Task objective ▸
Repeat the lines below exactly as written, please, from the line with "Lemma card_setD1 A" to the line with "Lemma exchange_sum_card (J", both lines included, and no others.

___ Given information

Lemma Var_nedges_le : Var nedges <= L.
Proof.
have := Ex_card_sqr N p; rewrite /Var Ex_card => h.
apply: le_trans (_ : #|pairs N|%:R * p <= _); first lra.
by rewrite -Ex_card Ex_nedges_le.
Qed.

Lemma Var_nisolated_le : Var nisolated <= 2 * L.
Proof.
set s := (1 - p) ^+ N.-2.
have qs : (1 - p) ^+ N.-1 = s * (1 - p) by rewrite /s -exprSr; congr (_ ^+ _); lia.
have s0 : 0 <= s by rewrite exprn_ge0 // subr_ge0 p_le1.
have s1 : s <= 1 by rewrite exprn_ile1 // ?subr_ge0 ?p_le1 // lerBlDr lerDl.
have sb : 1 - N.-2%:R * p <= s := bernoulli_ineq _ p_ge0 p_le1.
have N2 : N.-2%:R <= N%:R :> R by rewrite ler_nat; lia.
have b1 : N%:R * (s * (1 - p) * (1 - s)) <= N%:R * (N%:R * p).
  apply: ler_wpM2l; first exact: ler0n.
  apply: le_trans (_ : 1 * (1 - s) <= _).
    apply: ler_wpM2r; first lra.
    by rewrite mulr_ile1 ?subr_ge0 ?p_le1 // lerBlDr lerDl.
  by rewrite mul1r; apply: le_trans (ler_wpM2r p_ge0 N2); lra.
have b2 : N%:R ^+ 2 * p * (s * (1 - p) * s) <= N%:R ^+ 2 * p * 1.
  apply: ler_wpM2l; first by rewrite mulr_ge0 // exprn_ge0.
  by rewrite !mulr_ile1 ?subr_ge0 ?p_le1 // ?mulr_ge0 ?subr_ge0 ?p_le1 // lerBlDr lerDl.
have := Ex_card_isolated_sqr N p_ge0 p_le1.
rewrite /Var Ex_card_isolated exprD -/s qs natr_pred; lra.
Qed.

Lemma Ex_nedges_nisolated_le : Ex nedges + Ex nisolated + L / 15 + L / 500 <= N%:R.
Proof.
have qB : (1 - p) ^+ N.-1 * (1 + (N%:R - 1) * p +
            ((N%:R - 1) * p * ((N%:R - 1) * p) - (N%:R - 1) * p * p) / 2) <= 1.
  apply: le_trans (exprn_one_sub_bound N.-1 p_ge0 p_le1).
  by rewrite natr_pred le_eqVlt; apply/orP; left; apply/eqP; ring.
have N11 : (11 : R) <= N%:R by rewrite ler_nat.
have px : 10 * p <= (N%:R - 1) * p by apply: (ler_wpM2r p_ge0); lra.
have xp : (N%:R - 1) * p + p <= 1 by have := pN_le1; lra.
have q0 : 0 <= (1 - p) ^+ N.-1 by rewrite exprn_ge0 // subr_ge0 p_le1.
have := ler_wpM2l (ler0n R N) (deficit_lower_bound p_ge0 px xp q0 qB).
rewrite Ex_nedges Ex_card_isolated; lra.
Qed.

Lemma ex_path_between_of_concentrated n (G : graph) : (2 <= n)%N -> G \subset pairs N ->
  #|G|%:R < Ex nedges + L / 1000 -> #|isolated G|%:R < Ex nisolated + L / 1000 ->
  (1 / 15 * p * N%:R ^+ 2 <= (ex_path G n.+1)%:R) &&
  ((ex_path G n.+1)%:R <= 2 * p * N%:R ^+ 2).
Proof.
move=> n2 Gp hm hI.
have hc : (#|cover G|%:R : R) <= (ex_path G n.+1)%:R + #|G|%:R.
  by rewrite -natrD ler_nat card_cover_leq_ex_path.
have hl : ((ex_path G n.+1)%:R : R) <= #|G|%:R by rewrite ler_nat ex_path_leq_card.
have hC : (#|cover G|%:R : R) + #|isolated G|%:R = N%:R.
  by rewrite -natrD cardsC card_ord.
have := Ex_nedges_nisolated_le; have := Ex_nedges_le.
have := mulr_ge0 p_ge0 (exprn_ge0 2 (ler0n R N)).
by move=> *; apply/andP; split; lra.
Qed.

______
___ Given information

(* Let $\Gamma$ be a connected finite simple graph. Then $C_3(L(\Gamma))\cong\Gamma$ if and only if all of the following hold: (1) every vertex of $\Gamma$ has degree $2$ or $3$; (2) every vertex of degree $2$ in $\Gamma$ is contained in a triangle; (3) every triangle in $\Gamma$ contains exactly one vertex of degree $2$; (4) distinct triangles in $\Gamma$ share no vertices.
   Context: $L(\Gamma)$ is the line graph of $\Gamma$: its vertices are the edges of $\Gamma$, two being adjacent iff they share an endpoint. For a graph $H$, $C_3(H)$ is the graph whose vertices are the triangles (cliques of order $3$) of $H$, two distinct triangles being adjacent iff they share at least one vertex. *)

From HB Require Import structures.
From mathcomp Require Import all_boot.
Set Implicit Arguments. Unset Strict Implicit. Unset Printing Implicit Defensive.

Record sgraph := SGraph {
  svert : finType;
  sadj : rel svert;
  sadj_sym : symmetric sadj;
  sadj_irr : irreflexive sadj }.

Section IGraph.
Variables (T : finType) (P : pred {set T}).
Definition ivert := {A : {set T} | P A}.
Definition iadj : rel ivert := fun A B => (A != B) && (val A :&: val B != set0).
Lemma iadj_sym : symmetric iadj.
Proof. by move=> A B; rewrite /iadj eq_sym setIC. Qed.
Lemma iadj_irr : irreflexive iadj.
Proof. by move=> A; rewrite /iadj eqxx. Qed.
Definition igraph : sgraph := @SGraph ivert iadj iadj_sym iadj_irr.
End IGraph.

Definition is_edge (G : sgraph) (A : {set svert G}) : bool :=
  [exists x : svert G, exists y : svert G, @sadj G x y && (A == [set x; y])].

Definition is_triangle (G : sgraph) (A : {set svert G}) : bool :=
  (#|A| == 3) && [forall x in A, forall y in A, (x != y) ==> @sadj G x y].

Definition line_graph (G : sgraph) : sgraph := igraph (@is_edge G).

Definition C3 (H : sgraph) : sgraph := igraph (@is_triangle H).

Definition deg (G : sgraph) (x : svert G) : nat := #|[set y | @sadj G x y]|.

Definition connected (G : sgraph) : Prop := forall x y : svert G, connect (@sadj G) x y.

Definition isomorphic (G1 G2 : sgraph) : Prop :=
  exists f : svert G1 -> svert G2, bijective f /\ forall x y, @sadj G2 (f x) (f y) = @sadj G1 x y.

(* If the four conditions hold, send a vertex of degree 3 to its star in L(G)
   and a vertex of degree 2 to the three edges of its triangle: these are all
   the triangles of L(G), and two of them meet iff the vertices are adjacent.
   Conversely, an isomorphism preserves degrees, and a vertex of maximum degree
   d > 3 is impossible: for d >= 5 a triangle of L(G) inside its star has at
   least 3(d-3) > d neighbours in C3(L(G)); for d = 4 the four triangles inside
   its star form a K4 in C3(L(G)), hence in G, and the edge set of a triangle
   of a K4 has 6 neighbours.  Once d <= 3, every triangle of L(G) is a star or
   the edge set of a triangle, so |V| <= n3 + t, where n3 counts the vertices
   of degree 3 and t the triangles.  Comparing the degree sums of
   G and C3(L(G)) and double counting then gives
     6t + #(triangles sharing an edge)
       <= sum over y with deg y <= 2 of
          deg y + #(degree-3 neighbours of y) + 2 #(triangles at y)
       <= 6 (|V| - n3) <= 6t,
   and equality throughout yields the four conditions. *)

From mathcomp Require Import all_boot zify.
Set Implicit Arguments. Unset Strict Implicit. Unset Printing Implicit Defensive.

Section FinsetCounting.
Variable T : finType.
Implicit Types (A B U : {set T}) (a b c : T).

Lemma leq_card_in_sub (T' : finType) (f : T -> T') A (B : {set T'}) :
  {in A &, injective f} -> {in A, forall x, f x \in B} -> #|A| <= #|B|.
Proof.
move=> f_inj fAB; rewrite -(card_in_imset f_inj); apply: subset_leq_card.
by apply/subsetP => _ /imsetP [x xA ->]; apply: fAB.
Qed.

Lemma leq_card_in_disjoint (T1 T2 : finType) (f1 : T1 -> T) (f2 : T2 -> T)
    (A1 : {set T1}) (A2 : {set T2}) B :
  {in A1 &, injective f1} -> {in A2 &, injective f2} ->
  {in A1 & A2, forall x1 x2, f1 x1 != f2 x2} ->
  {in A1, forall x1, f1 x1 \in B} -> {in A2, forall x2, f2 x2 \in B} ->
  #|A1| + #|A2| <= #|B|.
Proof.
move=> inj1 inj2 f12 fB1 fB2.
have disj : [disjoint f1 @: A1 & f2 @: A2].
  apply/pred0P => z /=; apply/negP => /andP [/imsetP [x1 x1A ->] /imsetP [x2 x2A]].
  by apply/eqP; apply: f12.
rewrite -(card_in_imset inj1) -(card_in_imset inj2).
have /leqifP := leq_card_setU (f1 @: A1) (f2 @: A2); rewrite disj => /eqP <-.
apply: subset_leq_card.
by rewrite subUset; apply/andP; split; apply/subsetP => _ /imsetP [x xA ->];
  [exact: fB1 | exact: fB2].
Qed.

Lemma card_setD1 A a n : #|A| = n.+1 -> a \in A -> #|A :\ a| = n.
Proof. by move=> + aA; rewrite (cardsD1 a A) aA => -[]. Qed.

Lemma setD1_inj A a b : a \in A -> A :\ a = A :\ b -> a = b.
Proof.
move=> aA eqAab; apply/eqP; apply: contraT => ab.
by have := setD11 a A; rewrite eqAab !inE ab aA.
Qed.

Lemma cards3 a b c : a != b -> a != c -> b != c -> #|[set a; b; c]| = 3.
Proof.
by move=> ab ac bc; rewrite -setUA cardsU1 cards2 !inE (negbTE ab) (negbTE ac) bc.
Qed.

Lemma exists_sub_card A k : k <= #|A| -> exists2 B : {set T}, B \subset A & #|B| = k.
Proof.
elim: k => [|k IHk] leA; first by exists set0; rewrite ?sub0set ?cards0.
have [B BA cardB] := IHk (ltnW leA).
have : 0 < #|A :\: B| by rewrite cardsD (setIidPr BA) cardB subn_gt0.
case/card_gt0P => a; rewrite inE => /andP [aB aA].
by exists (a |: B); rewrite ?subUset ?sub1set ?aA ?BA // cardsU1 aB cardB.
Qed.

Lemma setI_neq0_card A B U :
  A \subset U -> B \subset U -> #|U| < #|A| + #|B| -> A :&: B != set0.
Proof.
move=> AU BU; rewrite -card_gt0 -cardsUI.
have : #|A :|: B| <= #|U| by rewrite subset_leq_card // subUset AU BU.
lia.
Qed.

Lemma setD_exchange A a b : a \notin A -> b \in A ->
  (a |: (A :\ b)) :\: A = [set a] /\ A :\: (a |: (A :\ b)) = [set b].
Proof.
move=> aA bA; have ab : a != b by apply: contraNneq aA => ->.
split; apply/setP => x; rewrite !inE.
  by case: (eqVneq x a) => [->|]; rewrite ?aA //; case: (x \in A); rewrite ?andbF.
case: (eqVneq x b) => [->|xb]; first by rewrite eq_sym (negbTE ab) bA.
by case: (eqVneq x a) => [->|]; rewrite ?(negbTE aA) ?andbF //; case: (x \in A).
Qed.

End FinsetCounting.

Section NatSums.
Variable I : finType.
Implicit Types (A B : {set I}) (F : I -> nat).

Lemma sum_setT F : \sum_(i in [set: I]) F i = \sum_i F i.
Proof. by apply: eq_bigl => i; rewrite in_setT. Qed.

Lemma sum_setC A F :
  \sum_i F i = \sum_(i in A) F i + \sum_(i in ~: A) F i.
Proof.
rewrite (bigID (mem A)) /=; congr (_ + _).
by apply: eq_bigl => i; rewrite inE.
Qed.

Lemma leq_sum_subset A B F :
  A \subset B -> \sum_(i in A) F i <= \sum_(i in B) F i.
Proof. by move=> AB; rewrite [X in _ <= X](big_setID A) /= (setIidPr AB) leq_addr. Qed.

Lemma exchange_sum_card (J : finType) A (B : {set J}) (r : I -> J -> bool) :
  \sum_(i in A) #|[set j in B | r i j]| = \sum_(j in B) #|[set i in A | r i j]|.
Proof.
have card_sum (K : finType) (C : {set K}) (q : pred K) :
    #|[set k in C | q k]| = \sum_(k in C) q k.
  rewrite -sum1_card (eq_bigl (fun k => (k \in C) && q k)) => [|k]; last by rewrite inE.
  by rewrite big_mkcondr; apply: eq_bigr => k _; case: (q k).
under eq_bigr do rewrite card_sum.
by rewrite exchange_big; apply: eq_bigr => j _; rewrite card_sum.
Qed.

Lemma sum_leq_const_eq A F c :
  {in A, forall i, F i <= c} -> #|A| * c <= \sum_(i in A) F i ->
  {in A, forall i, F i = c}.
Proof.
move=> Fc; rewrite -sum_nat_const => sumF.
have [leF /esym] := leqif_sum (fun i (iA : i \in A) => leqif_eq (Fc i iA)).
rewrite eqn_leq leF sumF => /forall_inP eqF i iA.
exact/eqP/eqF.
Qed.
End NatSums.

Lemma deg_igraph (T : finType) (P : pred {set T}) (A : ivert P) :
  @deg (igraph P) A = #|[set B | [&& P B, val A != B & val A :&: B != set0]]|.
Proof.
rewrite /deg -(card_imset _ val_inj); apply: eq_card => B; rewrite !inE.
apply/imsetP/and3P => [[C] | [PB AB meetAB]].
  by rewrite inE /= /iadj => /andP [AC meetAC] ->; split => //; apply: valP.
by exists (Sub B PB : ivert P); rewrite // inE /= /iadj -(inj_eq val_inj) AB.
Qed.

______

Answer to this task ▸
Lemma card_setD1 A a n : #|A| = n.+1 -> a \in A -> #|A :\ a| = n.
Proof. by move=> + aA; rewrite (cardsD1 a A) aA => -[]. Qed.

Lemma setD1_inj A a b : a \in A -> A :\ a = A :\ b -> a = b.
Proof.
move=> aA eqAab; apply/eqP; apply: contraT => ab.
by have := setD11 a A; rewrite eqAab !inE ab aA.
Qed.

Lemma cards3 a b c : a != b -> a != c -> b != c -> #|[set a; b; c]| = 3.
Proof.
by move=> ab ac bc; rewrite -setUA cardsU1 cards2 !inE (negbTE ab) (negbTE ac) bc.
Qed.

Lemma exists_sub_card A k : k <= #|A| -> exists2 B : {set T}, B \subset A & #|B| = k.
Proof.
elim: k => [|k IHk] leA; first by exists set0; rewrite ?sub0set ?cards0.
have [B BA cardB] := IHk (ltnW leA).
have : 0 < #|A :\: B| by rewrite cardsD (setIidPr BA) cardB subn_gt0.
case/card_gt0P => a; rewrite inE => /andP [aB aA].
by exists (a |: B); rewrite ?subUset ?sub1set ?aA ?BA // cardsU1 aB cardB.
Qed.

Lemma setI_neq0_card A B U :
  A \subset U -> B \subset U -> #|U| < #|A| + #|B| -> A :&: B != set0.
Proof.
move=> AU BU; rewrite -card_gt0 -cardsUI.
have : #|A :|: B| <= #|U| by rewrite subset_leq_card // subUset AU BU.
lia.
Qed.

Lemma setD_exchange A a b : a \notin A -> b \in A ->
  (a |: (A :\ b)) :\: A = [set a] /\ A :\: (a |: (A :\ b)) = [set b].
Proof.
move=> aA bA; have ab : a != b by apply: contraNneq aA => ->.
split; apply/setP => x; rewrite !inE.
  by case: (eqVneq x a) => [->|]; rewrite ?aA //; case: (x \in A); rewrite ?andbF.
case: (eqVneq x b) => [->|xb]; first by rewrite eq_sym (negbTE ab) bA.
by case: (eqVneq x a) => [->|]; rewrite ?(negbTE aA) ?andbF //; case: (x \in A).
Qed.

End FinsetCounting.

Section NatSums.
Variable I : finType.
Implicit Types (A B : {set I}) (F : I -> nat).

Lemma sum_setT F : \sum_(i in [set: I]) F i = \sum_i F i.
Proof. by apply: eq_bigl => i; rewrite in_setT. Qed.

Lemma sum_setC A F :
  \sum_i F i = \sum_(i in A) F i + \sum_(i in ~: A) F i.
Proof.
rewrite (bigID (mem A)) /=; congr (_ + _).
by apply: eq_bigl => i; rewrite inE.
Qed.

Lemma leq_sum_subset A B F :
  A \subset B -> \sum_(i in A) F i <= \sum_(i in B) F i.
Proof. by move=> AB; rewrite [X in _ <= X](big_setID A) /= (setIidPr AB) leq_addr. Qed.

Lemma exchange_sum_card (J : finType) A (B : {set J}) (r : I -> J -> bool) :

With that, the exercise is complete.